# Design of Low Power Dual Mode MLMAP Decoder Using Radix 4 Approach

S.Divya PG Scholar, PSNA College of Engg. & Technology,Dindigul,India.

Dr.P.Maniraj Kumar

Professor, Dept.of ECE, PSNA College of Engg. & Technology, Dindigul, India.

Abstract - In order to have reliable communication, channel coding is often employed. Turbo code as a powerful coding technique has been widely studied and used in communication systems. The most significant achievement in coding theory are the turbo codes which are forward error correction codes.Due to the limitation of the battery life of wireless devices, transmitted power should remain as low as possible, which makes the system more susceptible to noise and interference. Error control coding is thus used to increase the noise immunity of the communication systems. The heart of the iterative decoding procedure is the use in each component decoder, of an algorithm that computes the a posteriori probability (APP) of the information symbols or more generally, a reliability value for each information symbol. Turbo decoder suffer from high decoding latency due to the iterative decoding process, the forward-backward recursion in the maximum a posteriori (MAP) decoding algorithm and the interleaving/de- interleaving between iterations . Computational complexity is estimated for the most popular Turbo decoding algorithms: MAP, Log-MAP, Max-Log-MAP and SOVA. Complexity studies showed that Max-Log-MAP is the best compromise between performance and complexity. Therefore, our implementation will be based on the Max-Log-MAP algorithm. ML MAP (Max Log Map) Architecture is proposed with SB & DB mode to achieve higher throughput and less power consumption. A Highly scalable LLR unit is proposed to increase the speed of the computation. The architecture is implemented using spartan3E family in Xilinx 12.1i.

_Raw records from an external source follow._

Lemma morph_gpow x (z : int) : f (gpow x z) = gpow (f x) z.
Proof.
have Hnat (k : nat) : f (gpow x k) = gpow (f x) k.
  by elim: k => [|k IH]; rewrite ?morph1 // !gpowSn fM IH.
by case: z => k; rewrite ?NegzE ?gpowN ?morphV Hnat.
Qed.

End Morphism.

Lemma gpowVn g (z : int) : gpow (ginv g) z = ginv (gpow g z).
Proof. by rewrite -{1}(gpow1 g) -gpowN gpowM mulN1r gpowN. Qed.

Lemma gen_mono (S T : G -> Prop) x : (forall y, S y -> T y) -> gen S x -> gen T x.
Proof.
move=> ST; elim=> [|y Sy|y z _ IHy _ IHz|y _ IHy].
- exact: gen_one.
- exact/gen_base/ST.
- exact: gen_mul.
- exact: gen_inv.
Qed.

Lemma gen_morph_eq (S : G -> Prop) (f1 f2 : G -> G) :
    {morph f1 : x y / x ** y} -> {morph f2 : x y / x ** y} ->
  (forall y, S y -> f1 y = f2 y) -> forall x, gen S x -> f1 x = f2 x.
Proof.
move=> f1M f2M Sf x; elim=> [|y Sy|y z _ IHy _ IHz|y _ IHy].
- by rewrite !morph1.
- exact: Sf.
- by rewrite f1M f2M IHy IHz.
- by rewrite (morphV f1M) (morphV f2M) IHy.
Qed.

Lemma lcs0_one n : lcs0 n e.
Proof. by case: n => [|n] //=; apply: gen_one. Qed.

Lemma lcs0_mul n x y : lcs0 n x -> lcs0 n y -> lcs0 n (x ** y).
Proof. by case: n => [|n] //=; apply: gen_mul. Qed.

Lemma lcs0_inv n x : lcs0 n x -> lcs0 n (ginv x).
Proof. by case: n => [|n] //=; apply: gen_inv. Qed.

Lemma lcs0_gpow n x (k : int) : lcs0 n x -> lcs0 n (gpow x k).
Proof.
move=> Hx; have Hnat (j : nat) : lcs0 n (gpow x j).
  by elim: j => [|j IH]; [exact: lcs0_one | exact: lcs0_mul].
by case: k => j; [exact: Hnat | exact: lcs0_inv (Hnat j.+1)].
Qed.

Lemma lcs0_comm n g h : lcs0 n h -> lcs0 n.+1 (comm g h).
Proof. by move=> Hh /=; apply: gen_base; exists g, h. Qed.

Lemma lcs0S n x : lcs0 n.+1 x -> lcs0 n x.
Proof.
elim: n x => [|n IH] x //= Hx.
apply: gen_mono Hx => _ [g [h [Hh ->]]].
by exists g, h; split => //; apply: IH.
Qed.

Lemma lcs0_morph n (f : G -> G) : {morph f : x y / x ** y} ->
  forall x, lcs0 n x -> lcs0 n (f x).
Proof.
move=> fM; elim: n => [|n IH] // x /=.
elim=> [|y Hy|y z _ IHy _ IHz|y _ IHy].
- by rewrite morph1 //; apply: gen_one.
- case: Hy => g [h [Hh ->]]; apply: gen_base; exists (f g), (f h).
  by split; [exact: IH | rewrite /comm !fM !(morphV fM)].
- by rewrite fM; apply: gen_mul.
- by rewrite (morphV fM); apply: gen_inv.
Qed.

Section Nilpotent.
Variable t : nat.
Hypothesis lcs0_trivial : forall x, lcs0 t.+1 x -> x = e.

Lemma lcs0_central z : lcs0 t z -> central z.
Proof.
move=> Hz g; have := lcs0_trivial (lcs0_comm g Hz); rewrite /comm => H.
by have := f_equal (fun u => u ** z ** g) H; rewrite gmul1; gsimp.
Qed.

(* [icomm [:: y1; ...; yk] h] is the left-normed commutator [yk, [..., [y1, h]]]. *)
Definition icomm (ys : seq G) h := foldl (fun acc y => comm y acc) h ys.

Lemma icomm_lcs0 ys n h : lcs0 n h -> lcs0 (size ys + n) (icomm ys h).
Proof.
elim: ys n h => [|y ys IH] n h // Hh.
by have := IH n.+1 _ (lcs0_comm y Hh); rewrite addnS.
Qed.

Lemma icomm_trivial ys n h : (size ys + n)%N = t -> lcs0 n.+1 h -> icomm ys h = e.
Proof. by move=> Hn Hh; apply/lcs0_trivial; rewrite -Hn -addnS; apply: icomm_lcs0. Qed.

Lemma icomm_central ys n h : (size ys + n)%N = t -> lcs0 n h -> central (icomm ys h).
Proof. by move=> Hn Hh; apply/lcs0_central; rewrite -Hn; apply: icomm_lcs0. Qed.

Lemma icommM ys n h1 h2 : (size ys + n)%N = t -> lcs0 n h1 -> lcs0 n h2 ->
  icomm ys (h1 ** h2) = icomm ys h1 ** icomm ys h2.
Proof.
elim: ys n h1 h2 => [|y ys IH] n h1 h2 //= Hn H1 H2.
rewrite addSnnS in Hn; rewrite comm_mulr.
have Hc2 : lcs0 n.+1 (comm y h2) by apply: lcs0_comm.
have Hc12 : lcs0 n.+2 (comm h1 (comm y h2)) by apply: lcs0_comm.
rewrite (IH n.+1 _ _ Hn (lcs0_comm y H1)); last exact: lcs0_mul (lcs0S Hc12) Hc2.
by rewrite (IH n.+1 _ _ Hn (lcs0S Hc12) Hc2) (icomm_trivial Hn Hc12) gmul1.
Qed.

Index Terms – Turbo decoder, interleaver, forward error correction codes, MLMAP decoder and LLR unit.

#### 1. INTRODUCTION

With the rapid growth of multimedia services, forward error correcting (FEC) code has been a regular scheme for wireless communications to have a reliable transmission over noisy channels. Single-binary convolutional turbo code (SBCTC) proposed in 1993 has been the well-known FEC code that can achieve high coding gains close to the Shannon limit. The reduction of the CTC in bit error rate is achieved at the expense of intensive computations involved in the iterative turbo decoding steps and with the powerful algorithm called maximum a-posteriori probability (MAP) algorithm.

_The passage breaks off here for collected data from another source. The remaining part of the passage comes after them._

(* Let $\tilde\omega=(\ell_1/t_1,\dots,\ell_\nu/t_\nu)\in\mathbb Q^\nu\setminus\{0\}$ with $\ell_j\in\mathbb Z$, $t_j\in\mathbb Z_{\ge1}$. Suppose $0<a_0<1$, $\nu<b_0<\infty$, $\bar R_0>0$ with $\bar R_0^{\,b_0}>\prod_jt_j$, and $|n\cdot\tilde\omega|\ge a_0|n|^{-b_0}$ for all $n\in\mathbb Z^\nu$ with $0<|n|\le\bar R_0$. Then $|\mathfrak n\tilde\omega|\ge a_0|\mathfrak n|^{-b_0}$ for every $\mathfrak n\in\mathfrak Z(\tilde\omega)\setminus\{0\}$.
   Context: $|\cdot|$ is a fixed norm on $\mathbb R^\nu$ restricted to $\mathbb Z^\nu$, and $n\cdot\tilde\omega$ is the usual dot product. $\mathfrak N(\tilde\omega)=\{n\in\mathbb Z^\nu:n\cdot\tilde\omega=0\}$ and $\mathfrak Z(\tilde\omega)=\mathbb Z^\nu/\mathfrak N(\tilde\omega)$. For a coset $\mathfrak n$, $|\mathfrak n|=\min\{|n|:n\in\mathfrak n\}$ and $\mathfrak n\tilde\omega:=n\cdot\tilde\omega$ for any $n\in\mathfrak n$ (independent of the choice). *)

From Stdlib Require Import Reals List.
Open Scope R_scope.

(* Vectors of R^nu are represented as functions nat -> R; only the
   coordinates 0..nu-1 are meaningful.  Integer vectors (Z^nu) are
   functions nat -> Z. *)

Fixpoint rsum (nu : nat) (f : nat -> R) : R :=
  match nu with
  | O => 0
  | S k => rsum k f + f k
  end.

Fixpoint rprod (nu : nat) (f : nat -> R) : R :=
  match nu with
  | O => 1
  | S k => rprod k f * f k
  end.

Definition zvec (n : nat -> Z) : nat -> R := fun i => IZR (n i).

Definition dot (nu : nat) (x y : nat -> R) : R := rsum nu (fun i => x i * y i).

Definition is_norm (nu : nat) (N : (nat -> R) -> R) : Prop :=
  (forall x y, (forall i, (i < nu)%nat -> x i = y i) -> N x = N y) /\
  (forall x, 0 <= N x) /\
  (forall x, N x = 0 -> forall i, (i < nu)%nat -> x i = 0) /\
  (forall c x, N (fun i => c * x i) = Rabs c * N x) /\
  (forall x y, N (fun i => x i + y i) <= N x + N y).

(* The coset of n in Z^nu / N(omega): all m with (m - n).omega = 0,
   i.e. m.omega = n.omega.  [r] is the norm of the coset:
   r = min { N m : m in the coset of n }. *)
Definition is_coset_norm (nu : nat) (N : (nat -> R) -> R) (omega : nat -> R)
    (n : nat -> Z) (r : R) : Prop :=
  (exists m : nat -> Z,
      dot nu (zvec m) omega = dot nu (zvec n) omega /\ N (zvec m) = r) /\
  (forall m : nat -> Z,
      dot nu (zvec m) omega = dot nu (zvec n) omega -> r <= N (zvec m)).

From Stdlib Require Import Reals Lra Lia.
Open Scope R_scope.

(* Clearing denominators, [q . omega] is an integer multiple of [1 / prod_j t_j]
   for every integer vector [q]; so a nonzero value has modulus at least
   [1 / prod_j t_j > R0^(-b0)], which dominates [a0 |n|^(-b0)] as soon as
   [|n| > R0].  For [|n| <= R0] the hypothesis applies to a minimal
   representative of the coset, which has the same value [n . omega]. *)

Lemma dot_rational_common_denominator (l t n : nat -> Z) (k : nat) :
  (forall j, (j < k)%nat -> (1 <= t j)%Z) ->
  exists p z : Z, (1 <= p)%Z /\ rprod k (fun j => IZR (t j)) = IZR p /\
    dot k (zvec n) (fun j => IZR (l j) / IZR (t j)) * IZR p = IZR z.
Proof.
  unfold dot; induction k as [|k IH]; intros Ht.
  - exists 1%Z, 0%Z; simpl; repeat split; [lia | ring].
  - destruct IH as [p [z [Hp [HP Hz]]]]; [intros j Hj; apply Ht; lia|].
    assert (Htk : (1 <= t k)%Z) by (apply Ht; lia).
    assert (Htk0 : IZR (t k) <> 0) by (apply not_0_IZR; lia).
    exists (p * t k)%Z, (z * t k + n k * l k * p)%Z; simpl.
    rewrite HP, !mult_IZR; repeat split; [lia|].
    rewrite plus_IZR, !mult_IZR, <- Hz; unfold zvec; field; exact Htk0.
Qed.

Lemma dot_rational_abs_ge (l t n : nat -> Z) (k : nat) :
  (forall j, (j < k)%nat -> (1 <= t j)%Z) ->
  dot k (zvec n) (fun j => IZR (l j) / IZR (t j)) <> 0 ->
  0 < rprod k (fun j => IZR (t j)) /\
  / rprod k (fun j => IZR (t j)) <= Rabs (dot k (zvec n) (fun j => IZR (l j) / IZR (t j))).
Proof.
  intros Ht Hd.
  destruct (dot_rational_common_denominator l t n k Ht) as [p [z [Hp [-> Hz]]]].
  set (D := dot k _ _) in *.
  assert (HpR : 1 <= IZR p) by (apply IZR_le; exact Hp).
  assert (Hz0 : z <> 0%Z).
  { intros ->; apply Hd, (Rmult_eq_reg_r (IZR p)); [rewrite Hz; ring | lra]. }
  assert (Hzabs : 1 <= Rabs (IZR z)) by (rewrite <- abs_IZR; apply IZR_le; lia).
  rewrite <- Hz, Rabs_mult, (Rabs_right (IZR p)) in Hzabs by lra.
  split; [lra|].
  apply (Rmult_le_reg_r (IZR p)); [lra|].
  rewrite Rinv_l by lra; exact Hzabs.
Qed.

Lemma dot_eq0_l (k : nat) (x w : nat -> R) :
  (forall i, (i < k)%nat -> x i = 0) -> dot k x w = 0.
Proof.
  unfold dot; induction k as [|k IH]; intros Hx; simpl; [reflexivity|].
  rewrite IH, (Hx k) by first [lia | intros; apply Hx; lia]; ring.
Qed.

Lemma coset_norm_gt0 (nu : nat) (N : (nat -> R) -> R) (omega : nat -> R)
    (n : nat -> Z) (r : R) :
  is_norm nu N -> dot nu (zvec n) omega <> 0 ->
  is_coset_norm nu N omega n r -> 0 < r.
Proof.
  intros [_ [Hpos [Hdef _]]] Hd [[m [Hm <-]] _].
  destruct (Hpos (zvec m)) as [Hgt | Heq]; [exact Hgt|].
  exfalso; apply Hd; rewrite <- Hm; apply dot_eq0_l, Hdef; auto.
Qed.

Lemma Rpower_Ropp_lt_contravar (x y b : R) :
  0 < b -> 0 < x < y -> Rpower y (- b) < Rpower x (- b).
Proof.
  intros Hb Hxy.
  assert (Hx : 0 < Rpower x b) by (unfold Rpower; apply exp_pos).
  assert (Hxy_b : Rpower x b < Rpower y b) by (apply Rlt_Rpower_l; lra).
  rewrite !Rpower_Ropp; apply Rinv_lt_contravar; [apply Rmult_lt_0_compat |]; lra.
Qed.

Theorem mainTheorem8
  (nu : nat) (N : (nat -> R) -> R) (HN : is_norm nu N)
  (l t : nat -> Z)
  (Ht : forall j, (j < nu)%nat -> (1 <= t j)%Z)
  (Hnz : exists j, (j < nu)%nat /\ l j <> 0%Z)
  (a0 b0 R0 : R)
  (Ha0 : 0 < a0 < 1) (Hb0 : INR nu < b0) (HR0 : 0 < R0)
  (HR0b : Rpower R0 b0 > rprod nu (fun j => IZR (t j)))
  (Hdio : forall n : nat -> Z, 0 < N (zvec n) <= R0 ->
     Rabs (dot nu (zvec n) (fun j => IZR (l j) / IZR (t j)))
       >= a0 * Rpower (N (zvec n)) (- b0)) :
  forall (n : nat -> Z) (r : R),
    dot nu (zvec n) (fun j => IZR (l j) / IZR (t j)) <> 0 ->
    is_coset_norm nu N (fun j => IZR (l j) / IZR (t j)) n r ->
    Rabs (dot nu (zvec n) (fun j => IZR (l j) / IZR (t j)))
      >= a0 * Rpower r (- b0).
Proof.
  intros n r Hd Hr.
  pose proof (coset_norm_gt0 nu N _ n r HN Hd Hr) as Hr0.
  destruct Hr as [[m [Hm HNm]] _].
  destruct (Rle_or_lt r R0) as [Hle | Hlt].
  - rewrite <- Hm, <- HNm; apply Hdio; lra.
  - assert (Hb : 0 < b0) by (pose proof (pos_INR nu); lra).
    destruct (dot_rational_abs_ge l t n nu Ht Hd) as [HP HD].
    pose proof (Rpower_Ropp_lt_contravar R0 r b0 Hb (conj HR0 Hlt)) as Hdecr.
    assert (HR0P : Rpower R0 (- b0) < / rprod nu (fun j => IZR (t j))).
    { rewrite Rpower_Ropp; apply Rinv_lt_contravar; [apply Rmult_lt_0_compat|]; lra. }
    assert (Hpos : 0 < Rpower r (- b0)) by (unfold Rpower; apply exp_pos).
    apply Rle_ge; nra.
Qed.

Figure 1 Model of digital communication system

Convolution coding is used in communication such as satellite and space communication to improve communication efficiency. The convolution code has enriched with the gift of a linear code with quality properties that it can operate on serial data as well as block codes. The convolution encoder with turbo decoder is a forward error correction method is mostly suited to a channel in which the transmitted signal is corrupted because of additive white Gaussian noise. IS-95, a wireless cellular standard for CDMA (Code Division Multiple Access), employs convolution coding which is the part of convolution coding .Convolutional encoding is a method of adding redundancy to a data stream in a controlled manner to give the destination the ability to correct bit errors without asking the source to retransmit. Convolutional codes, and other codes which can correct bit errors at the receiver, are called forward error correcting (FEC).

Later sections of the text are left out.